Схватка - Михаил Голденков
Шрифт:
Интервал:
Закладка:
Во время вяселля Михал улучил момент, чтобы по душам поговорить со своим счастливым другом. Он в кратце рассказал ему об их с Богуславом плане сделать его, Яна, королем Польши и Великим князем Литвы.

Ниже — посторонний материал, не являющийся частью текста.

(* Let $\mathcal A$ be a Banach algebra and let $X$ be a left Banach $\mathcal A$-submodule of $\mathcal A^*$. Then $B_{\mathcal A}(\mathcal A, X^* )=(Q_X)^*$; that is, $B_{\mathcal A}(\mathcal A,X^* )$ (with the operator norm) is isometrically isomorphic, via the canonical pairing $\langle T, af\rangle=\langle f,T(a)\rangle$, to the dual Banach space of $Q_X$.
   Context: $\mathcal A^*$ is a left Banach $\mathcal A$-module via $\langle a\cdot f,b\rangle=\langle f,ba\rangle$ ($a,b\in\mathcal A$, $f\in\mathcal A^*$); $X$ is a closed subspace of $\mathcal A^*$ invariant under this action. $X^*$ is a right Banach $\mathcal A$-module via $\langle m\cdot a,f\rangle=\langle m,a\cdot f\rangle$. $B_{\mathcal A}(\mathcal A,X^* )$ denotes the Banach space of bounded linear maps $T:\mathcal A\to X^*$ with $T(ab)=T(a)\cdot b$ for all $a,b\in\mathcal A$, with the operator norm $\|\cdot\|_M$. For $a\in\mathcal A$ and $f\in X$, $af$ denotes the bounded linear functional on $B_{\mathcal A}(\mathcal A,X^* )$ given by $\langle af,T\rangle=\langle f,T(a)\rangle$. $Q_X$ is the norm closure in $B_{\mathcal A}(\mathcal A,X^* )^*$ of the linear span of $\{af:a\in\mathcal A,f\in X\}$. *)

From HB Require Import structures.
From mathcomp Require Import all_boot all_order all_algebra.
From mathcomp Require Import all_classical all_reals all_analysis.
Set Implicit Arguments. Unset Strict Implicit. Unset Printing Implicit Defensive.
Import Order.TTheory GRing.Theory Num.Theory.
Import numFieldNormedType.Exports.
Local Open Scope ring_scope.
Local Open Scope classical_set_scope.

Section BanachDual.
Context {K : numFieldType} {A : normedModType K}.

Definition banach_algebra_mul (mul : A -> A -> A) : Prop :=
  [/\ (forall a b c, mul a (mul b c) = mul (mul a b) c),
      (forall a b c, mul (a + b) c = mul a c + mul b c),
      (forall a b c, mul a (b + c) = mul a b + mul a c),
      (forall (k : K) a b, mul (k *: a) b = k *: mul a b /\ mul a (k *: b) = k *: mul a b)
    & (forall a b, `|mul a b| <= `|a| * `|b|)].

(* d is a bound for the functional f : A -> K, i.e. |f x| <= d |x|;
   the norm of f in A^* is the least such d. *)
Definition fbound (f : A -> K) (d : K) : Prop := forall x, `|f x| <= d * `|x|.

Definition in_dual (f : A -> K) : Prop :=
  [/\ (forall x y, f (x + y) = f x + f y),
      (forall (k : K) x, f (k *: x) = k * f x)
    & exists c, fbound f c].

Definition dact (mul : A -> A -> A) (a : A) (f : A -> K) : A -> K :=
  fun b => f (mul b a).

Definition closed_left_submodule (mul : A -> A -> A) (X : set (A -> K)) : Prop :=
  [/\ (forall f, X f -> in_dual f),
      X (fun _ => 0),
      (forall f g, X f -> X g -> X (fun x => f x + g x)),
      (forall (k : K) f, X f -> X (fun x => k * f x)) /\
      (forall f, in_dual f ->
         (forall e : K, 0 < e -> exists g, X g /\ fbound (fun x => f x - g x) e) ->
         X f)
    & (forall a f, X f -> X (dact mul a f))].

— Не знал, братко, что ты будешь так обо мне заботиться, — растрогался до слез Собесский. Михал покраснел. «Эх, если бы я все мог рассказать тебе!» Смущение и стыд перед Собесским Михала были настолько сильными, что он решил хотя бы чуть-чуть раскрыться своему другу:
— Тут доброе дело для всех нас. И для Литвы в большей степени. Ты ведь человек русский, тебе русские земли не чужие, в отличие от Яна Казимира и его Марии. Твоя кандидатура всех устроит. Нас с Богуславом особенно. И Русь, и Польшу, и Литву тоже устроит.
— Поляки не захотят, — замахал своими медового цвета волосами. Собесский, — они ревнуют нас.
— Ну, почему же? Ягайло ведь короновали!
— Это было давно. Сейчас все по-другому.
— И вот, чтобы поляки не артачились, Богуслав решил надавить на них через Ежи Любомирского.
— Этого скандалиста?
— Так, но этот скандалист, согласись, имеет большое влияние и связи у польской шляхты, а также заграницей. Он на короткой ноге с Австрией и Брандербургией.
— Это верно, — кивнул Собесский, — но…
— И вот тут-то, — перебил Михал друга, — нам нужно заплатить Ежи, чтобы он начал работу по продвижению твоей кандидатуры у ляхов. Ты ведь для поляков почти свой! И для русских — тоже.
— Да, но… разве ты не слышал? В Варшаве собираются подавать в суд на Любомирского.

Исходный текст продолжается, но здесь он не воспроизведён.